Exercise details = Where does the string "approaches" appear in the records? Copy every line that contains it.

Excerpts from a dataset:
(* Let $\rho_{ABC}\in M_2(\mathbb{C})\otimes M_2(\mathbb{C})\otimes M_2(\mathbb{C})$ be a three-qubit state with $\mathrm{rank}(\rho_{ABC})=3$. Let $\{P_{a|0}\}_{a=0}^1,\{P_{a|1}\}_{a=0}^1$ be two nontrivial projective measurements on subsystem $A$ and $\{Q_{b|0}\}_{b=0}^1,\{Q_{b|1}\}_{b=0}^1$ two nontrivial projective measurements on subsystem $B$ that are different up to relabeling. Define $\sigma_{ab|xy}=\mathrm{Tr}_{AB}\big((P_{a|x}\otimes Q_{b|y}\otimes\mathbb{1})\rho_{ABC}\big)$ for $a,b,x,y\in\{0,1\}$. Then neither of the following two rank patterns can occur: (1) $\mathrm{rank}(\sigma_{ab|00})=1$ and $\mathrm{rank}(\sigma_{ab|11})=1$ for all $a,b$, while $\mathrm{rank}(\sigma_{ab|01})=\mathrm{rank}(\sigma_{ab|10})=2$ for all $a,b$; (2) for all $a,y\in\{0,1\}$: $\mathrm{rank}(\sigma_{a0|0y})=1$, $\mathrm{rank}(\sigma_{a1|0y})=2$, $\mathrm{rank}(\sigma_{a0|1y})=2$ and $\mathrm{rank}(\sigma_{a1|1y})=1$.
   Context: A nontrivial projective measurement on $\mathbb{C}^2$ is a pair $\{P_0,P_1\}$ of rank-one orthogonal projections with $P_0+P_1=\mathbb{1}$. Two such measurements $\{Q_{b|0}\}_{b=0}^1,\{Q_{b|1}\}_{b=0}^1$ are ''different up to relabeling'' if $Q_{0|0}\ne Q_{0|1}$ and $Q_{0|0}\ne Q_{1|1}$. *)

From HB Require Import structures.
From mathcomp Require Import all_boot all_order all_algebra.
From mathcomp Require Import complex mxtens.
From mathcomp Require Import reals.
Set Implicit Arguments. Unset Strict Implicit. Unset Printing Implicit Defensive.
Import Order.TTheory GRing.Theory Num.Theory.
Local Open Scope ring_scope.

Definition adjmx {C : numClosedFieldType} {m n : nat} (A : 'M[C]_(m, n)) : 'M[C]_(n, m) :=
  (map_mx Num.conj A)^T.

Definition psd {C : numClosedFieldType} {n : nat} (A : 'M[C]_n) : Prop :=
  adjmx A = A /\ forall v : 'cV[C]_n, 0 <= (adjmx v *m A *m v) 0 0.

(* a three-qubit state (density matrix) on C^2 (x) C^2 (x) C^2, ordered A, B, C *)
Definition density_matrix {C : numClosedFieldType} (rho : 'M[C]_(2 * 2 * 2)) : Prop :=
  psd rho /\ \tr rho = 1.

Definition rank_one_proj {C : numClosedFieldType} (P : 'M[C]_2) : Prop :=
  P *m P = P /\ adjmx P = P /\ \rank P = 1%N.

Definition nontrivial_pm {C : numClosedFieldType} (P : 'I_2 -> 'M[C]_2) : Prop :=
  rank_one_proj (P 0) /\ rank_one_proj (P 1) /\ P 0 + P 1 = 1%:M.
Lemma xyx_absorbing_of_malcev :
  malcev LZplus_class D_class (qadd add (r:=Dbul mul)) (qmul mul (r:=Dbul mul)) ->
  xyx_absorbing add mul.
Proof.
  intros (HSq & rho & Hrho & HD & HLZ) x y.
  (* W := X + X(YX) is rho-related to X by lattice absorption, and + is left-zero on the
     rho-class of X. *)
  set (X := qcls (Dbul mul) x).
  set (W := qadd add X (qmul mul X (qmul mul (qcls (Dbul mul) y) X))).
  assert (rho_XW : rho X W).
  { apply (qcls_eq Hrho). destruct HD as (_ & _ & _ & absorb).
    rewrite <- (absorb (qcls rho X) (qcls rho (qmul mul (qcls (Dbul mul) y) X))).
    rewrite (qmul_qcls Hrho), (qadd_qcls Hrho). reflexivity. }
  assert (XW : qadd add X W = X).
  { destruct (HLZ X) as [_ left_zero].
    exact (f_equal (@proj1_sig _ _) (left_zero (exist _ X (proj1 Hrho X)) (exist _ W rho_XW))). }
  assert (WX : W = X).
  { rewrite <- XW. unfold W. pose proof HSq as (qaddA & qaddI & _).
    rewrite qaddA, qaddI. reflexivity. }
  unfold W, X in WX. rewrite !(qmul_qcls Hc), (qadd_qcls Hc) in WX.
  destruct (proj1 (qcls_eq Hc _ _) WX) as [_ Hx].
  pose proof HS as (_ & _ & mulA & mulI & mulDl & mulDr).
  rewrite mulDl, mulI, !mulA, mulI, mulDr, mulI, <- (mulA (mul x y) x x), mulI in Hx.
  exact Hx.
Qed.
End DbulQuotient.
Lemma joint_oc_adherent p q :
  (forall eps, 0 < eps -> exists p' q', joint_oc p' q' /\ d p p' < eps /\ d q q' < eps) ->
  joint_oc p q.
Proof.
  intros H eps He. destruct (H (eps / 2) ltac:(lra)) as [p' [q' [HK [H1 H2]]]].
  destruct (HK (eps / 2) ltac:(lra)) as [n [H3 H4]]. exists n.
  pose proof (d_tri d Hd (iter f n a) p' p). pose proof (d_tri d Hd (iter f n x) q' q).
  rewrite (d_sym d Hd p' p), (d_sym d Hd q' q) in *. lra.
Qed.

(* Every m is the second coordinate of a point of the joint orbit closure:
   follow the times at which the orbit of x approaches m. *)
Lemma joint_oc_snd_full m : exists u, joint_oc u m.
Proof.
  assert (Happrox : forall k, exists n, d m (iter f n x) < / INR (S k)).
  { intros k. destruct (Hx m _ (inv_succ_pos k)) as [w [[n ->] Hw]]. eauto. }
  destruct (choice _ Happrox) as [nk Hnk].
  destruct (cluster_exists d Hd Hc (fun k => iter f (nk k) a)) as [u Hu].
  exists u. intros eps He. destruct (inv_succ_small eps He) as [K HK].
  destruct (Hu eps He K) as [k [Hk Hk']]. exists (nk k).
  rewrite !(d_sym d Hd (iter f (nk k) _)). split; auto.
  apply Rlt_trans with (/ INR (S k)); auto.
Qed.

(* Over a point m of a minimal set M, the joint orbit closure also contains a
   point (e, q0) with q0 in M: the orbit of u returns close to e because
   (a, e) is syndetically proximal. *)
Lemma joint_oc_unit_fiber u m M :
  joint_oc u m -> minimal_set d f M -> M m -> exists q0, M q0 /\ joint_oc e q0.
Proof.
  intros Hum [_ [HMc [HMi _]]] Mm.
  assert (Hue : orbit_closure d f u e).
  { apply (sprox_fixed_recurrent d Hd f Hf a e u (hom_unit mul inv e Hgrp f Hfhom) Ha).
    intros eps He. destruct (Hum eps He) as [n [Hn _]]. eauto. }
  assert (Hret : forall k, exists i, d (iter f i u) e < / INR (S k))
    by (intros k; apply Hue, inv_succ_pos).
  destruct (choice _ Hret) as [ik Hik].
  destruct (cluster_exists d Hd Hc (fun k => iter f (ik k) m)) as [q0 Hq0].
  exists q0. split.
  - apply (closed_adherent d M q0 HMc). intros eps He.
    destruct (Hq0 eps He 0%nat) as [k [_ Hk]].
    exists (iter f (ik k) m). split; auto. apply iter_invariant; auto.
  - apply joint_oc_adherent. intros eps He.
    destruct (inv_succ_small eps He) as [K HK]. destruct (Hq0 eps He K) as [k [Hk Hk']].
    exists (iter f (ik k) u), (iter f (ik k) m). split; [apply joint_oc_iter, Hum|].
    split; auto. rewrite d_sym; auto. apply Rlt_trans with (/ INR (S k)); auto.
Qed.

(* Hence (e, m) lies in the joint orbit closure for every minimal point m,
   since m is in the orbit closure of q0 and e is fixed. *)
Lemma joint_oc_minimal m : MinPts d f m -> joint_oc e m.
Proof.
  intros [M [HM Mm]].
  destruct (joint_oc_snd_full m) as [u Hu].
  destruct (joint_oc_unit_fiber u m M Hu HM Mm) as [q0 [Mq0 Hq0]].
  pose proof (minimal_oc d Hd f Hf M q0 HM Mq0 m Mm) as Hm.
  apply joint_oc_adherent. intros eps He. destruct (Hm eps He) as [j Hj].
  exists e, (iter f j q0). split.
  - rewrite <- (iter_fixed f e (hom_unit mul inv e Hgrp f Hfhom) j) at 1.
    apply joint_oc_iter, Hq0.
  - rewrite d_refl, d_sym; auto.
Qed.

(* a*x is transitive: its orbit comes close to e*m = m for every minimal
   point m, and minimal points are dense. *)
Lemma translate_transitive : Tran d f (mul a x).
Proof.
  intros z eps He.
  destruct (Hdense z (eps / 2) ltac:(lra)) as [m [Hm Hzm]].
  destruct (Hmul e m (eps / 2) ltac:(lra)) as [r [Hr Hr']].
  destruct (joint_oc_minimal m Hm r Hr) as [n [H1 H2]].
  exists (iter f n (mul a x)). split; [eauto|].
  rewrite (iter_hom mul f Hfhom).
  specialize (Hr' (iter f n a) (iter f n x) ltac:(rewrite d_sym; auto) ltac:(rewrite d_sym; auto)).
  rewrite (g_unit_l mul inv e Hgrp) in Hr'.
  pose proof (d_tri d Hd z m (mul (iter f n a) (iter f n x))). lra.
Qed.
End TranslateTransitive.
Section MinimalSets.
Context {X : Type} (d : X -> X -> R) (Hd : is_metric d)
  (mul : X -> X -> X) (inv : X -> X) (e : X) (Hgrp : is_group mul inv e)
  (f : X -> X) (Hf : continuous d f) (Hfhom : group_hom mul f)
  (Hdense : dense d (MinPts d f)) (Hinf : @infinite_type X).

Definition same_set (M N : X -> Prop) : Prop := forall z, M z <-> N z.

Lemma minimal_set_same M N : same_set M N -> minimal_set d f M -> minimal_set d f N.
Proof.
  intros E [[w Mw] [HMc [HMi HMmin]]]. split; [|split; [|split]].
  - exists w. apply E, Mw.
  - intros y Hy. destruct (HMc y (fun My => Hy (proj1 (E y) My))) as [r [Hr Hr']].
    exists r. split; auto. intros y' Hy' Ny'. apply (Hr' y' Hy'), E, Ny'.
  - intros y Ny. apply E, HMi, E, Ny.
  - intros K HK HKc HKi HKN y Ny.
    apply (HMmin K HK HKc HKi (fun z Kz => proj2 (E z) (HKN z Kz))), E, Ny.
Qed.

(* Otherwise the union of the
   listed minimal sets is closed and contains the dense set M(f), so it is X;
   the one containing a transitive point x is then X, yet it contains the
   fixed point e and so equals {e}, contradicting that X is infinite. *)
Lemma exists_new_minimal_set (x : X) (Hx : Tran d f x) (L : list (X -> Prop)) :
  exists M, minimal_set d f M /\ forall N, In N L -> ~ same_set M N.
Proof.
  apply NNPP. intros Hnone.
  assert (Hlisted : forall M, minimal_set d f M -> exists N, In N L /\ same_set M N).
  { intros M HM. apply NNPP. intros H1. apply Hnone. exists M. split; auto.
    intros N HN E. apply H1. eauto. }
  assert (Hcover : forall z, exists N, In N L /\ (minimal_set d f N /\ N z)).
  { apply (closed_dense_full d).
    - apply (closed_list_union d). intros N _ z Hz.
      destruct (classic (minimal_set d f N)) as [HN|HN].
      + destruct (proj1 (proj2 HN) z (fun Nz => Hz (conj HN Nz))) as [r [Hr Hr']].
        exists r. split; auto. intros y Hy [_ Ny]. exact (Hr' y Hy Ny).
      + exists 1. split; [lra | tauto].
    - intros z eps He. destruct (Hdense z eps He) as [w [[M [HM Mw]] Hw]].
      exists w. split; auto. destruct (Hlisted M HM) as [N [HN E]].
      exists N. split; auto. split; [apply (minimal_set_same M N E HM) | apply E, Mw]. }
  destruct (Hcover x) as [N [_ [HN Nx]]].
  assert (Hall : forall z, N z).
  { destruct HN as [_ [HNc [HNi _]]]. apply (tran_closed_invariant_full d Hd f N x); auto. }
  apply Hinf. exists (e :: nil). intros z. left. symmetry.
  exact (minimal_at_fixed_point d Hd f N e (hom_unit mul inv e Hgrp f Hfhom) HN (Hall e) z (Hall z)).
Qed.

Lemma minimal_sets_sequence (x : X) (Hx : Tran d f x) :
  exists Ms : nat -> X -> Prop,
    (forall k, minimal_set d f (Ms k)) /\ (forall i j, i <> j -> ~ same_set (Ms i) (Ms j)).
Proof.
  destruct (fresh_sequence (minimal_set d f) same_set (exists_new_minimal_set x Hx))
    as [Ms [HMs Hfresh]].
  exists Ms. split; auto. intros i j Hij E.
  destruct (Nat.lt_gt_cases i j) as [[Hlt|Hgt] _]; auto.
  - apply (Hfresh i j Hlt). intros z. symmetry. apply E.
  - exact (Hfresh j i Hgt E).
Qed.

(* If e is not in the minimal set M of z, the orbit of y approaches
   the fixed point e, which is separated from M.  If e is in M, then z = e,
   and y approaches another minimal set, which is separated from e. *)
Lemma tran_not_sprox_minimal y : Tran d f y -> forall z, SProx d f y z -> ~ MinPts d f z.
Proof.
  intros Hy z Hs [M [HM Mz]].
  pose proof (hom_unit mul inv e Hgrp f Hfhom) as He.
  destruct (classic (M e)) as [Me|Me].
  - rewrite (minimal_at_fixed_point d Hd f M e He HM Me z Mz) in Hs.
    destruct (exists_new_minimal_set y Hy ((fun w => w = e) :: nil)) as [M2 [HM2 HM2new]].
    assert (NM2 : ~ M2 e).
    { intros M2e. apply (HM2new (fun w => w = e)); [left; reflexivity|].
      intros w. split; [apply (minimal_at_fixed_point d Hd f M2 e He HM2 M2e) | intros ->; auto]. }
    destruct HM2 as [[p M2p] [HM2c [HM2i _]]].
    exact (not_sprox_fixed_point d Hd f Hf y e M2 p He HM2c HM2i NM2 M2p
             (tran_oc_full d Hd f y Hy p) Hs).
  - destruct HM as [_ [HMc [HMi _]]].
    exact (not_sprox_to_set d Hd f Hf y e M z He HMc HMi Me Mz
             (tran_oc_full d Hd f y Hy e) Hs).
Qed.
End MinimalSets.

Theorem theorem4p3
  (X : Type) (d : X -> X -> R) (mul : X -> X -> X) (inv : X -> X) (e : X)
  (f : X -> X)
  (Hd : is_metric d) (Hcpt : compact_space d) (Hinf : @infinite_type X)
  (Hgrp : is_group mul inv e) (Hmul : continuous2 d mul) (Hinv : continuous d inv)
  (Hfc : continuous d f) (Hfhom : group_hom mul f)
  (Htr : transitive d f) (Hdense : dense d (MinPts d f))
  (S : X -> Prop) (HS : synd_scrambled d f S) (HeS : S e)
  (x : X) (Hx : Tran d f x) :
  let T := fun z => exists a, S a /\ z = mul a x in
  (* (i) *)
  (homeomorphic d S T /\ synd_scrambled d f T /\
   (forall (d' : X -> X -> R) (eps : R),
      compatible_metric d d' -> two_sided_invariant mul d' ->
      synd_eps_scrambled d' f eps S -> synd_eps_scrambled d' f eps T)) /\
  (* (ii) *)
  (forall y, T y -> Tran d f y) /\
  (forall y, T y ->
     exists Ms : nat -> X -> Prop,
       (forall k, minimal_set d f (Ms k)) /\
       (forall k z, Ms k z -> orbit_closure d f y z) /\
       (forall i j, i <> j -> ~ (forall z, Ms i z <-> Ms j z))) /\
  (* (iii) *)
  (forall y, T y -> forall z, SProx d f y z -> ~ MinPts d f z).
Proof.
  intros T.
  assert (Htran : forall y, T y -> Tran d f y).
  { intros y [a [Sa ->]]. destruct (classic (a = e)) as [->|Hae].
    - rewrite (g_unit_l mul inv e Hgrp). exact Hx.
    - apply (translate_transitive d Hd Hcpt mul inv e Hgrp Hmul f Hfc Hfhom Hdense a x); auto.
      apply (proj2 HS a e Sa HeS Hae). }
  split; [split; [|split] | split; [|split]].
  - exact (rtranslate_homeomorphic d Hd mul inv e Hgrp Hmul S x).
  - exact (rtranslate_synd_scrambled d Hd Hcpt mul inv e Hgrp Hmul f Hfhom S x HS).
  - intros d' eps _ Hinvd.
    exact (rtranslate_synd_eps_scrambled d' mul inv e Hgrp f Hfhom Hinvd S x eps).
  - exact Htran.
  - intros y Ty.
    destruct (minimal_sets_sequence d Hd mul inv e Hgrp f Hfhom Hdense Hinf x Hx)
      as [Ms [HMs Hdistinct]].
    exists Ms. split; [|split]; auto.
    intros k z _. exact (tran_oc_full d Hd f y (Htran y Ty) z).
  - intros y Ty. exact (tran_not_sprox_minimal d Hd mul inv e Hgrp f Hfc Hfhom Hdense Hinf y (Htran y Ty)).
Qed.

Answer area =
   follow the times at which the orbit of x approaches m. *)
(* If e is not in the minimal set M of z, the orbit of y approaches
   and y approaches another minimal set, which is separated from e. *)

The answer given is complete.